To do: Beneath this instruction is a listing; print exactly the lines in it starting at the line that contains "(fun p => match" and going through the line that contains "s_r all support".
------------------------------
(* Let $\mathbf D$ be a set of tilings containing both $\emptyset$ and $\Lambda$ (a normal super-domain). Then $\mathbf D$ is a clique (its elements are pairwise compatible) if and only if $\mathbf D$ is a Condorcet super-domain.
   Context: Fix an integer $n\ge 3$ and write $[n]=\{1,\dots,n\}$. Let $\Lambda$ be the set of 3-element subsets of $[n]$; a triple $\{i,j,k\}$ with $i<j<k$ is written $ijk$. For a 4-element subset $F=\{i<j<k<l\}$ of $[n]$, the stick of $F$ is the sequence $(ijk,\ ijl,\ ikl,\ jkl)$. A tiling (the inversion set of a rhombus tiling of the zonogon $Z(n;2)$) is a subset $T\subseteq\Lambda$ such that for every 4-element $F\subseteq[n]$, $T\cap\mathrm{stick}(F)$ is an initial segment or a final segment of the stick (empty set and whole stick allowed). Two tilings $T,T'$ are compatible if both $T\cap T'$ and $T\cup T'$ are tilings. For a finite set $V$ of odd cardinality and tilings $(T_v)_{v\in V}$, $sm((T_v)_{v\in V})$ is the set of triples lying in $T_v$ for more than $|V|/2$ indices $v$. A set $\mathbf D$ of tilings is a Condorcet super-domain if for every finite $V$ of odd cardinality and every family $(T_v)_{v\in V}$ with all $T_v\in\mathbf D$, $sm((T_v)_{v\in V})$ is a tiling. *)

From mathcomp Require Import all_boot.
Set Implicit Arguments. Unset Strict Implicit. Unset Printing Implicit Defensive.

(* Elements of [n] = {1..n} are represented by 'I_n = {0..n-1} (order-preserving shift). *)

Definition Lambda (n : nat) : {set {set 'I_n}} := [set A : {set 'I_n} | #|A| == 3].

(* The stick of a 4-subset F = {i<j<k<l}: (ijk, ijl, ikl, jkl), i.e. F minus
   its largest, second-largest, second-smallest, smallest element.  Given the
   elements listed increasingly as e : nat -> 'I_n, the p-th stick entry
   (p = 0..3) is F minus e (3 - p). *)
Definition stick_entry (n : nat) (F : {set 'I_n}) (e : nat -> 'I_n) (p : nat)
  : {set 'I_n} := F :\ e (3 - p).

Definition segment_ok (n : nat) (T : {set {set 'I_n}}) (s : nat -> {set 'I_n}) :=
  exists m, m <= 4 /\
    ((forall p, p < 4 -> (s p \in T) = (p < m)) \/
     (forall p, p < 4 -> (s p \in T) = (4 - m <= p))).

Definition tiling (n : nat) (T : {set {set 'I_n}}) : Prop :=
  T \subset Lambda n /\
  forall i j k l : 'I_n, i < j -> j < k -> k < l ->
    segment_ok T (stick_entry [set i; j; k; l]
                   (fun p => match p with 0 => i | 1 => j | 2 => k | _ => l end)).

Definition compatible (n : nat) (T T' : {set {set 'I_n}}) : Prop :=
  tiling (T :&: T') /\ tiling (T :|: T').

Definition sm (n : nat) (V : finType) (T : V -> {set {set 'I_n}}) : {set {set 'I_n}} :=
  [set t : {set 'I_n} | #|V| < 2 * #|[set v | t \in T v]|].

Definition clique (n : nat) (D : {set {set 'I_n}} -> Prop) : Prop :=
  forall T T', D T -> D T' -> compatible T T'.

Definition condorcet_superdomain (n : nat) (D : {set {set 'I_n}} -> Prop) : Prop :=
  forall (V : finType) (T : V -> {set {set 'I_n}}),
    odd #|V| -> (forall v, D (T v)) -> tiling (sm T).

From mathcomp Require Import all_boot.
From mathcomp Require Import zify.

Set Implicit Arguments. Unset Strict Implicit. Unset Printing Implicit Defensive.

(* A subset of a stick is an initial or final segment iff it has no gap:
   no p < q < r with s_p, s_r on one side and s_q on the other.  If all the
   voters' tilings are pairwise compatible and s_p, s_r are majority triples,
   then for u voting for s_p but not s_q and w voting for s_r but not s_q the
   union T_u ∪ T_w would have a gap; hence the supporters of s_p or those of
   s_r all support s_q, which is therefore a majority triple.  The same
   argument with intersections and (for |V| odd) majorities of non-supporters
   rules out the other kind of gap.  Conversely, the majority of T, T' and a
   third voter ∅ (resp. Λ) is T ∩ T' (resp. T ∪ T'). *)

Definition segment (f : nat -> bool) :=
  exists m, m <= 4 /\
    ((forall p, p < 4 -> f p = (p < m)) \/ (forall p, p < 4 -> f p = (4 - m <= p))).

Definition gap_free (f : nat -> bool) :=
  forall p q r, p < q -> q < r -> r < 4 -> f p = f r -> f q = f p.

Lemma gap_free_segment (f : nat -> bool) : segment f -> gap_free f.
Proof. by move=> [m [_ [Ef|Ef]]] p q r pq qr r4; rewrite !Ef; lia. Qed.

Lemma segment_gap_free (f : nat -> bool) : gap_free f -> segment f.
Proof.
move=> gf.
have gf_bits : [&& (f 0 == f 2) ==> (f 1 == f 0), (f 0 == f 3) ==> (f 1 == f 0),
                   (f 0 == f 3) ==> (f 2 == f 0) & (f 1 == f 3) ==> (f 2 == f 1)].
  by apply/and4P; split; apply/implyP => /eqP;
    [move/(gf 0 1 2) | move/(gf 0 1 3) | move/(gf 0 2 3) | move/(gf 1 2 3)] => ->.
(* Once f 0, .., f 3 are fixed, both gf_bits and the search for m compute. *)
suff : has (fun m => [&& f 0 == (0 < m), f 1 == (1 < m), f 2 == (2 < m) & f 3 == (3 < m)]
                 || [&& f 0 == (4 - m <= 0), f 1 == (4 - m <= 1), f 2 == (4 - m <= 2)
                      & f 3 == (4 - m <= 3)]) (iota 0 5).
  case/hasP=> m; rewrite mem_iota => m4 /orP[] /and4P[/eqP f0 /eqP f1 /eqP f2 /eqP f3];
    exists m; (split; first lia); [left | right]; by case=> [|[|[|[|p]]]].
by move: gf_bits; case: (f 0); case: (f 1); case: (f 2); case: (f 3).
Qed.

Section Majority.

Variable V : finType.

Lemma subset_or_of_cover (B C D : {set V}) :
  (forall u w, u \in B -> w \in D -> (u \in C) || (w \in C)) ->
  (B \subset C) || (D \subset C).
Proof.
move=> cover; apply/norP=> -[/subsetPn[u uB uC] /subsetPn[w wD wC]].
by move: (cover u w uB wD); rewrite (negbTE uC) (negbTE wC).
Qed.

Lemma majority_of_cover (B C D : {set V}) :
  (forall u w, u \in B -> w \in D -> (u \in C) || (w \in C)) ->
  #|V| < 2 * #|B| -> #|V| < 2 * #|D| -> #|V| < 2 * #|C|.
Proof.
move=> /subset_or_of_cover/orP[] /subset_leq_card le_C majB majD; lia.
Qed.

Lemma odd_majorityC (A : {set V}) :
  odd #|V| -> (#|V| < 2 * #|~: A|) = ~~ (#|V| < 2 * #|A|).
Proof.
move=> oddV; have := cardsC A; have := odd_double_half #|V|.
rewrite oddV -muln2; set N := #|V|; set h := N./2; lia.
Qed.

End Majority.

Lemma gap_free_sm (n : nat) (V : finType) (T : V -> {set {set 'I_n}})
    (s : nat -> {set 'I_n}) :
  odd #|V| ->
  (forall u w, gap_free (fun p => s p \in T u :|: T w)) ->
  (forall u w, gap_free (fun p => s p \in T u :&: T w)) ->
  gap_free (fun p => s p \in sm T).
Proof.
move=> oddV gapU gapI p q r pq qr r4; rewrite !inE.
pose A x := [set v | s x \in T v]; rewrite -/(A p) -/(A q) -/(A r).
have coverA u w : u \in A p -> w \in A r -> (u \in A q) || (w \in A q).
  rewrite !inE => up wr; have := gapU u w p q r pq qr r4.
  by rewrite !inE up wr orbT => /(_ erefl).
have coverAC u w : u \in ~: A p -> w \in ~: A r -> (u \in ~: A q) || (w \in ~: A q).
  rewrite !inE => /negbTE up /negbTE wr; have := gapI u w p q r pq qr r4.
  by rewrite !inE up wr andbF -negb_and => /(_ erefl) ->.
case majp: (_ < _) => /esym majr; first exact: majority_of_cover coverA majp majr.
apply/negbTE; rewrite -odd_majorityC //.
by apply: majority_of_cover coverAC _ _; rewrite odd_majorityC // ?majp ?majr.
Qed.

Lemma sm_subset (n : nat) (V : finType) (T : V -> {set {set 'I_n}}) (L : {set {set 'I_n}}) :
  (forall v, T v \subset L) -> sm T \subset L.
Proof.
move=> TL; apply/subsetP=> t; rewrite inE => maj.
have /set0Pn[v] : [set v | t \in T v] != set0.
  by apply: contraTneq maj => ->; rewrite cards0.
by rewrite inE; apply/subsetP.
Qed.

Lemma tiling_sm (n : nat) (V : finType) (T : V -> {set {set 'I_n}}) :
  odd #|V| -> (forall u w, compatible (T u) (T w)) -> tiling (sm T).
Proof.
move=> oddV compat; split.
  by apply: sm_subset => v; have [_ [+ _]] := compat v v; rewrite setUid.
move=> i j k l ij jk kl; apply: segment_gap_free.
apply: gap_free_sm => // u w; apply: gap_free_segment.
  by have [_ [_ sticksU]] := compat u w; apply: sticksU.
by have [[_ sticksI] _] := compat u w; apply: sticksI.
Qed.

Definition three_voters (n : nat) (A B C : {set {set 'I_n}}) (v : 'I_3) :=
  nth set0 [:: A; B; C] v.

Lemma in_sm_three_voters (n : nat) (A B C : {set {set 'I_n}}) t :
  (t \in sm (three_voters A B C)) =
  [|| (t \in A) && (t \in B), (t \in A) && (t \in C) | (t \in B) && (t \in C)].
Proof.
rewrite inE card_ord -sum1_card big_mkcond !big_ord_recl big_ord0 !inE /=.
by case: (t \in A); case: (t \in B); case: (t \in C).
Qed.

Lemma sm_three_voters_set0 (n : nat) (A B : {set {set 'I_n}}) :
  sm (three_voters A B set0) = A :&: B.
Proof. by apply/setP=> t; rewrite in_sm_three_voters !inE !andbF !orbF. Qed.

Lemma sm_three_voters_sup (n : nat) (A B C : {set {set 'I_n}}) :
  A :|: B \subset C -> sm (three_voters A B C) = A :|: B.
Proof.
move=> /subsetP ABC; apply/setP=> t; rewrite in_sm_three_voters in_setU.
have := ABC t; rewrite in_setU.
by case: (t \in A); case: (t \in B); case: (t \in C) => // /(_ isT).
Qed.

Theorem proposition2 (n : nat) (D : {set {set 'I_n}} -> Prop) :
  3 <= n ->
  (forall T, D T -> tiling T) ->
  D set0 -> D (Lambda n) ->
  (clique D <-> condorcet_superdomain D).
Proof.
move=> _ DT D0 DL; split.
  by move=> cliqueD V T oddV DTv; apply: tiling_sm => // u w; apply: cliqueD.
move=> condD T T' DT1 DT2.
have D3 C : D C -> tiling (sm (three_voters T T' C)).
  by move=> DC; apply: condD; [rewrite card_ord | case=> [[|[|[|]]]]].
have [TL _] := DT _ DT1; have [T'L _] := DT _ DT2.
split; first by rewrite -sm_three_voters_set0; apply: D3.
by rewrite -(sm_three_voters_sup (C := Lambda n)) ?subUset ?TL //; apply: D3.
Qed.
------------------------------
Task solution:
                   (fun p => match p with 0 => i | 1 => j | 2 => k | _ => l end)).

Definition compatible (n : nat) (T T' : {set {set 'I_n}}) : Prop :=
  tiling (T :&: T') /\ tiling (T :|: T').

Definition sm (n : nat) (V : finType) (T : V -> {set {set 'I_n}}) : {set {set 'I_n}} :=
  [set t : {set 'I_n} | #|V| < 2 * #|[set v | t \in T v]|].

Definition clique (n : nat) (D : {set {set 'I_n}} -> Prop) : Prop :=
  forall T T', D T -> D T' -> compatible T T'.

Definition condorcet_superdomain (n : nat) (D : {set {set 'I_n}} -> Prop) : Prop :=
  forall (V : finType) (T : V -> {set {set 'I_n}}),
    odd #|V| -> (forall v, D (T v)) -> tiling (sm T).

From mathcomp Require Import all_boot.
From mathcomp Require Import zify.

Set Implicit Arguments. Unset Strict Implicit. Unset Printing Implicit Defensive.

(* A subset of a stick is an initial or final segment iff it has no gap:
   no p < q < r with s_p, s_r on one side and s_q on the other.  If all the
   voters' tilings are pairwise compatible and s_p, s_r are majority triples,
   then for u voting for s_p but not s_q and w voting for s_r but not s_q the
   union T_u ∪ T_w would have a gap; hence the supporters of s_p or those of
   s_r all support s_q, which is therefore a majority triple.  The same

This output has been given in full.